• Task objective: Whatever the records say, set them down exactly.

++++++++

Section SupCompletion.
Variables (R : realType) (V : lmodType R) (le : V -> V -> Prop).
Hypothesis lexx : forall x, le x x.
Hypothesis le_anti : forall x y, le x y -> le y x -> x = y.
Hypothesis le_trans : forall x y z, le x y -> le y z -> le x z.
Hypothesis leD2r : forall x y z, le x y -> le (x + z) (y + z).
Hypothesis has_join : forall x y, exists s, is_sup le [set x; y] s.

Lemma leD2l x y z : le x y -> le (z + x) (z + y).
Proof. by move=> lexy; rewrite ![z + _]addrC; apply: leD2r. Qed.

Lemma leD x y x' y' : le x y -> le x' y' -> le (x + x') (y + y').
Proof. by move=> lexy lexy'; apply: le_trans (leD2r x' lexy) (leD2l y lexy'). Qed.

Lemma leBlDr x y z : le (x - y) z <-> le x (z + y).
Proof.
split=> [|lex]; first by move/(leD2r y); rewrite subrK.
by have := leD2r (- y) lex; rewrite addrK.
Qed.

Lemma leBrDr x y z : le x (z - y) <-> le (x + y) z.
Proof.
split=> [|lex]; first by move/(leD2r y); rewrite subrK.
by have := leD2r (- y) lex; rewrite addrK.
Qed.

Lemma le_addr x y : le 0 y -> le x (x + y).
Proof. by move=> y_ge0; have := leD2l x y_ge0; rewrite addr0. Qed.

Lemma le_addl x y : le 0 y -> le x (y + x).
Proof. by rewrite addrC; apply: le_addr. Qed.

Lemma sup_uniq S s t : is_sup le S s -> is_sup le S t -> s = t.
Proof. by move=> [ubs lubs] [ubt lubt]; apply: le_anti; [apply: lubs | apply: lubt]. Qed.

Definition join a b : V := epsilon (inhabits 0) (is_sup le [set a; b]).
(* [omega_gauss_int s a c k u] is the integral of [omega (u + sum_(i<k) a i * t i)]
   against [prod_(i<k) gauss_kernel s (c i) (t i)], the last coordinate outermost. *)
Fixpoint omega_gauss_int (s : R) (a c : nat -> R) (k : nat) : R -> R :=
  match k with
  | O => omega
  | S k => gauss_conv s (c k) (a k) (omega_gauss_int s a c k)
  end.

Lemma bounded_lipschitz_omega_gauss_int s a c k : 0 < s ->
  bounded_lipschitz (omega_gauss_int s a c k) (gauss_mass s ^ k).
Proof.
  intros Hs. induction k as [|k IHk]; simpl.
  - split; [intros u; pose proof (omega_bounds u); lra|].
    intros u v. rewrite Rmult_1_l. apply omega_lipschitz.
  - rewrite Rmult_comm. now apply bounded_lipschitz_gauss_conv.
Qed.

Lemma omega_gauss_int_lower s a c lam k u : 0 < s -> 0 <= lam <= 2 ->
  gauss_mass s ^ k * (1 - exp (- lam * (u + dot k a c) + lam * lam * s ^ 2 / 2 * dot k a a))
  <= omega_gauss_int s a c k u.
Proof.
  intros Hs Hlam. revert u. induction k as [|k IHk]; intros u; simpl.
  - rewrite Rmult_0_r, !Rplus_0_r, Rmult_1_l. replace (- lam * u) with (- (lam * u)) by ring.
    now apply omega_ge_1_minus_exp.
  - set (Q := - lam * dot k a c + lam * lam * s ^ 2 / 2 * dot k a a).
    eapply Rle_trans;
      [| apply (gauss_conv_lower s (c k) (a k) (gauss_mass s ^ k) _ Hs
                 (bounded_lipschitz_omega_gauss_int s a c k Hs) lam (gauss_mass s ^ k * exp Q))].
    + right.
      replace (- lam * (u + (dot k a c + a k * c k)) + lam * lam * (s * (s * 1)) / 2 * (dot k a a + a k * a k))
        with (Q + - lam * u + (- lam * a k * c k + lam * a k * (lam * a k) * s ^ 2 / 2))
        by (unfold Q; field).
      rewrite !exp_plus. ring.
    + intros v. specialize (IHk v).
      replace (exp (- lam * (v + dot k a c) + lam * lam * s ^ 2 / 2 * dot k a a))
        with (exp Q * exp (- lam * v)) in IHk by (rewrite <- exp_plus; unfold Q; f_equal; ring).
      lra.
Qed.

Fixpoint kernel_prod (s : R) (c : nat -> R) (k : nat) (x : nat -> R) : R :=
  match k with
  | O => 1
  | S k => kernel_prod s c k x * gauss_kernel s (c k) (x k)
  end.

Lemma upd_lt x j t i : (i < j)%nat -> upd x j t i = x i.
Proof. intros H. unfold upd. now destruct (Nat.eqb_spec i j); [lia|]. Qed.

Lemma upd_eq x j t : upd x j t j = t.
Proof. unfold upd. now rewrite Nat.eqb_refl. Qed.

Lemma dot_upd k j a x t : (k <= j)%nat -> dot k a (upd x j t) = dot k a x.
Proof.
  induction k as [|k IHk]; intros H; simpl; auto.
  rewrite IHk, upd_lt by lia. reflexivity.
Qed.

Lemma kernel_prod_upd s c k j x t : (k <= j)%nat -> kernel_prod s c k (upd x j t) = kernel_prod s c k x.
Proof.
  induction k as [|k IHk]; intros H; simpl; auto.
  rewrite IHk, upd_lt by lia. reflexivity.
Qed.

++++++++

• Exercise result:
Section SupCompletion.
Variables (R : realType) (V : lmodType R) (le : V -> V -> Prop).
Hypothesis lexx : forall x, le x x.
Hypothesis le_anti : forall x y, le x y -> le y x -> x = y.
Hypothesis le_trans : forall x y z, le x y -> le y z -> le x z.
Hypothesis leD2r : forall x y z, le x y -> le (x + z) (y + z).
Hypothesis has_join : forall x y, exists s, is_sup le [set x; y] s.

Lemma leD2l x y z : le x y -> le (z + x) (z + y).
Proof. by move=> lexy; rewrite ![z + _]addrC; apply: leD2r. Qed.

Lemma leD x y x' y' : le x y -> le x' y' -> le (x + x') (y + y').
Proof. by move=> lexy lexy'; apply: le_trans (leD2r x' lexy) (leD2l y lexy'). Qed.

Lemma leBlDr x y z : le (x - y) z <-> le x (z + y).
Proof.
split=> [|lex]; first by move/(leD2r y); rewrite subrK.
by have := leD2r (- y) lex; rewrite addrK.
Qed.

Lemma leBrDr x y z : le x (z - y) <-> le (x + y) z.
Proof.
split=> [|lex]; first by move/(leD2r y); rewrite subrK.
by have := leD2r (- y) lex; rewrite addrK.
Qed.

Lemma le_addr x y : le 0 y -> le x (x + y).
Proof. by move=> y_ge0; have := leD2l x y_ge0; rewrite addr0. Qed.

Lemma le_addl x y : le 0 y -> le x (y + x).
Proof. by rewrite addrC; apply: le_addr. Qed.

Lemma sup_uniq S s t : is_sup le S s -> is_sup le S t -> s = t.
Proof. by move=> [ubs lubs] [ubt lubt]; apply: le_anti; [apply: lubs | apply: lubt]. Qed.

Definition join a b : V := epsilon (inhabits 0) (is_sup le [set a; b]).
(* [omega_gauss_int s a c k u] is the integral of [omega (u + sum_(i<k) a i * t i)]
   against [prod_(i<k) gauss_kernel s (c i) (t i)], the last coordinate outermost. *)
Fixpoint omega_gauss_int (s : R) (a c : nat -> R) (k : nat) : R -> R :=
  match k with
  | O => omega
  | S k => gauss_conv s (c k) (a k) (omega_gauss_int s a c k)
  end.

Lemma bounded_lipschitz_omega_gauss_int s a c k : 0 < s ->
  bounded_lipschitz (omega_gauss_int s a c k) (gauss_mass s ^ k).
Proof.
  intros Hs. induction k as [|k IHk]; simpl.
  - split; [intros u; pose proof (omega_bounds u); lra|].
    intros u v. rewrite Rmult_1_l. apply omega_lipschitz.
  - rewrite Rmult_comm. now apply bounded_lipschitz_gauss_conv.
Qed.

Lemma omega_gauss_int_lower s a c lam k u : 0 < s -> 0 <= lam <= 2 ->
  gauss_mass s ^ k * (1 - exp (- lam * (u + dot k a c) + lam * lam * s ^ 2 / 2 * dot k a a))
  <= omega_gauss_int s a c k u.
Proof.
  intros Hs Hlam. revert u. induction k as [|k IHk]; intros u; simpl.
  - rewrite Rmult_0_r, !Rplus_0_r, Rmult_1_l. replace (- lam * u) with (- (lam * u)) by ring.
    now apply omega_ge_1_minus_exp.
  - set (Q := - lam * dot k a c + lam * lam * s ^ 2 / 2 * dot k a a).
    eapply Rle_trans;
      [| apply (gauss_conv_lower s (c k) (a k) (gauss_mass s ^ k) _ Hs
                 (bounded_lipschitz_omega_gauss_int s a c k Hs) lam (gauss_mass s ^ k * exp Q))].
    + right.
      replace (- lam * (u + (dot k a c + a k * c k)) + lam * lam * (s * (s * 1)) / 2 * (dot k a a + a k * a k))
        with (Q + - lam * u + (- lam * a k * c k + lam * a k * (lam * a k) * s ^ 2 / 2))
        by (unfold Q; field).
      rewrite !exp_plus. ring.
    + intros v. specialize (IHk v).
      replace (exp (- lam * (v + dot k a c) + lam * lam * s ^ 2 / 2 * dot k a a))
        with (exp Q * exp (- lam * v)) in IHk by (rewrite <- exp_plus; unfold Q; f_equal; ring).
      lra.
Qed.

Fixpoint kernel_prod (s : R) (c : nat -> R) (k : nat) (x : nat -> R) : R :=
  match k with
  | O => 1
  | S k => kernel_prod s c k x * gauss_kernel s (c k) (x k)
  end.

Lemma upd_lt x j t i : (i < j)%nat -> upd x j t i = x i.
Proof. intros H. unfold upd. now destruct (Nat.eqb_spec i j); [lia|]. Qed.

Lemma upd_eq x j t : upd x j t j = t.
Proof. unfold upd. now rewrite Nat.eqb_refl. Qed.

Lemma dot_upd k j a x t : (k <= j)%nat -> dot k a (upd x j t) = dot k a x.
Proof.
  induction k as [|k IHk]; intros H; simpl; auto.
  rewrite IHk, upd_lt by lia. reflexivity.
Qed.

Lemma kernel_prod_upd s c k j x t : (k <= j)%nat -> kernel_prod s c k (upd x j t) = kernel_prod s c k x.
Proof.
  induction k as [|k IHk]; intros H; simpl; auto.
  rewrite IHk, upd_lt by lia. reflexivity.
Qed.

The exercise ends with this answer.